Я посмотрел на Голдблюма и тот утвердительно кивнул. Я
передал Черемухину тысячу одной бумажкой, и он долго
рассматривал купюру на свет.
- Последние годы в Тамбове он бедствовал, - медленно
проговорил Черемухин. - Мы переписывались... Шидловский,
кстати, тоже из нашего города, тамбовский волк... Я встретил
его как-то на улице...
- Кого? Шидловского?
- Да, и рассказал ему о Леньке. И тот говорит... Я тогда
еще не знал, что он - гангстер...
- Кто? Шидловский?
- Конечно! Не Ленька же! И он говорит: "Вызывай Козираги
сюда, я попробую ему помочь." Я даже не поинтересовался, как он
собирается это делать. И Ленька приехал, привез с собой
картины, свернутые в большой рулон.
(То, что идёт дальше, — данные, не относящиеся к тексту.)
Lemma min_twice3_le (a b c : R) : min_twice3 a b c ->
  [/\ (b <= a) || (c <= a), (a <= b) || (c <= b) & (a <= c) || (b <= c)].
Proof.
case=> i [j [ij [hi hj]]].
have := hi (@Ordinal 3 0 isT); have := hi (@Ordinal 3 1 isT); have := hi (@Ordinal 3 2 isT).
have := hj (@Ordinal 3 0 isT); have := hj (@Ordinal 3 1 isT); have := hj (@Ordinal 3 2 isT).
case: i ij hi hj => [[|[|[|m]]] Hi] //; case: j => [[|[|[|m']]] Hj] //= ij _ _;
  move=> h1 h2 h3 h4 h5 h6; split; apply/orP; first [by left | by right].
Qed.

End MinTwice.

Section Parametrization.
Variables (R : realType) (n : nat).
Implicit Types (d e : prod_space R n) (i j : leaf n).

(* [a ibar] is chosen so that [mu_{i ibar} = y i] before normalization. *)
Definition leaf_coord d i : R :=
  match split i with
  | inl k => d.1.1 k
  | inr k => d.1.2 k - d.1.1 k + tree_dist d.2 (unbar k) (bar k)
  end.

Definition plucker_raw d i j := leaf_coord d i + leaf_coord d j - tree_dist d.2 i j.

Definition plucker_mean d : R :=
  (\sum_(q : Defs.pair n) plucker_raw d (val q).1 (val q).2) / #|{: Defs.pair n}|%:R.

Definition Phi d : plucker_space R n :=
  [ffun p => plucker_raw d (val p).1 (val p).2 - plucker_mean d].

Lemma plucker_rawC d i j : plucker_raw d i j = plucker_raw d j i.
Proof. by rewrite /plucker_raw tree_distC [leaf_coord d i + _]addrC. Qed.

Lemma pl_Phi d i j : i != j -> pl (Phi d) i j = plucker_raw d i j - plucker_mean d.
Proof.
wlog lt_ij : i j / (i < j)%N.
  move=> h ij; case: (ltngtP i j) => [/h->//|lt_ji|/val_inj eij]; last by rewrite eij eqxx in ij.
  by rewrite plC plucker_rawC h // eq_sym.
by move=> _; rewrite (pl_lt _ lt_ij) ffunE.
Qed.

Lemma leaf_coord_unbar d k : leaf_coord d (unbar k) = d.1.1 k.
Proof. by rewrite /leaf_coord /unbar -[lshift n k]/(unsplit (inl k)) unsplitK. Qed.

Lemma leaf_coord_bar d k :
  leaf_coord d (bar k) = d.1.2 k - d.1.1 k + tree_dist d.2 (unbar k) (bar k).
Proof. by rewrite /leaf_coord /bar -[rshift n k]/(unsplit (inr k)) unsplitK. Qed.

Lemma pl_Phi_diag d k : pl (Phi d) (unbar k) (bar k) = d.1.2 k - plucker_mean d.
Proof.
by rewrite pl_Phi ?unbar_neq_bar // /plucker_raw leaf_coord_unbar leaf_coord_bar; ring.
Qed.

Lemma tree_dist_lin (a : R) (w w' : {ffun Defs.split n -> R^o}) i j :
  tree_dist (a *: w + w') i j = a * tree_dist w i j + tree_dist w' i j.
Proof. by rewrite /tree_dist mulr_sumr -big_split; apply: eq_bigr => s _; rewrite !ffunE. Qed.

Lemma plucker_raw_lin (a : R) d e i j :
  plucker_raw (a *: d + e) i j = a * plucker_raw d i j + plucker_raw e i j.
Proof.
have coord x : leaf_coord (a *: d + e) x = a * leaf_coord d x + leaf_coord e x.
  rewrite /leaf_coord; case: (split x) => k /=; rewrite !ffunE ?tree_dist_lin //=.
  rewrite /GRing.scale /=; ring.
by rewrite /plucker_raw !coord tree_dist_lin /=; ring.
Qed.

Lemma Phi_lin : linear Phi.
Proof.
move=> a d e; apply/ffunP => p; rewrite !ffunE /plucker_mean plucker_raw_lin.
under eq_bigr do rewrite plucker_raw_lin.
by rewrite big_split /= -mulr_sumr /GRing.scale /=; ring.
Qed.

HB.instance Definition _ := GRing.isLinear.Build R (prod_space R n) (plucker_space R n) *:%R Phi Phi_lin.

Lemma Phi_normalized d : (0 < n)%N -> normalized (Phi d).
Proof.
move=> n0; rewrite /normalized; under eq_bigr do rewrite ffunE.
rewrite sumrB sumr_const -[X in _ - X]mulr_natr /plucker_mean.
by rewrite divfK ?subrr // pnatr_eq0 -lt0n card_pair_gt0.
Qed.

Lemma Phi_TSpGr d : (0 < n)%N -> prod_support d -> TSpGr (Phi d).
Proof.
move=> n0 [[_ ymin] hw]; split; first exact: Phi_normalized.
split.
- move=> i j k l ij jk kl.
  have ik := ltn_trans ij jk; have jl := ltn_trans jk kl; have il := ltn_trans ik kl.
  rewrite !pl_Phi ?ltn_leaf_neq //.
  set K := leaf_coord d i + leaf_coord d j + leaf_coord d k + leaf_coord d l
           - (plucker_mean d + plucker_mean d).
  have -> : plucker_raw d i j - plucker_mean d + (plucker_raw d k l - plucker_mean d)
            = K - dsum12 d.2 i j k l by rewrite /plucker_raw /dsum12 /K; ring.
  have -> : plucker_raw d i k - plucker_mean d + (plucker_raw d j l - plucker_mean d)
            = K - dsum13 d.2 i j k l by rewrite /plucker_raw /dsum13 /K; ring.
  have -> : plucker_raw d i l - plucker_mean d + (plucker_raw d j k - plucker_mean d)
            = K - dsum14 d.2 i j k l by rewrite /plucker_raw /dsum14 /K; ring.
  exact/min_twice3_max_twice/tree_four_point.
- have -> : (fun k => pl (Phi d) (unbar k) (bar k)) = (fun k => d.1.2 k - plucker_mean d).
    by apply: funext => k; exact: pl_Phi_diag.
  exact: min_twice_subr.
Qed.

Lemma dsum_diff_plucker_raw d a1 a2 b1 b2 :
  dsum13 d.2 a1 a2 b1 b2 - dsum12 d.2 a1 a2 b1 b2 =
  plucker_raw d a1 a2 + plucker_raw d b1 b2 - plucker_raw d a1 b1 - plucker_raw d a2 b2.
Proof. by rewrite /plucker_raw /dsum12 /dsum13; ring. Qed.

Lemma two_other_leaves (x : leaf n) : (1 < n)%N -> exists y z, [/\ y != x, z != x & y != z].
Proof.
move=> n1; have : (1 < #|[set~ x]|)%N by rewrite cardsC1 card_ord; lia.
by case/card_gt1P => y [z]; rewrite !inE => -[yx zx yz]; exists y, z.
Qed.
Ему пришлось долго
оформлять разрешение на их вывоз. Воображаете? Нищий художник,
а ему говорят, что его картины представляют большую ценность
для государства!... Одним словом, поселился Ленчик у меня, а с
Шидловским они уговорились, что тот организует его выставку и
сделает ему имя. А потом восемьдесят процентов от прибыли -
ему.
- Восемьдесят процентов! Безобразие! - гаркнул Голдблюм.
- Шидловский снял на месяц помещение, дал деньги на багет
и подрамники, выпустил рекламный проспект. Все это обошлось в
пятнадцать тысяч марок. А дело не пошло, т.е. не купили ни
единой картины.
- А он профессионал, этот Шидловский? - поинтересовался
Голдблюм. - Давно он занимается подобной деятельностью?
- Я же вам сказал: он - гангстер. Но делалось на мой
взгляд все достаточно профессионально, просто не нашлось
покупателей.
Голдблюм хрюкнул.
- Выставка закончилась провалом, - продолжал Черемухин, -
и Шидловскому удалось все повернуть так, что пятнадцать тысяч
Козираги ему должен. "Иди, рисуй портреты на улице", сказал он.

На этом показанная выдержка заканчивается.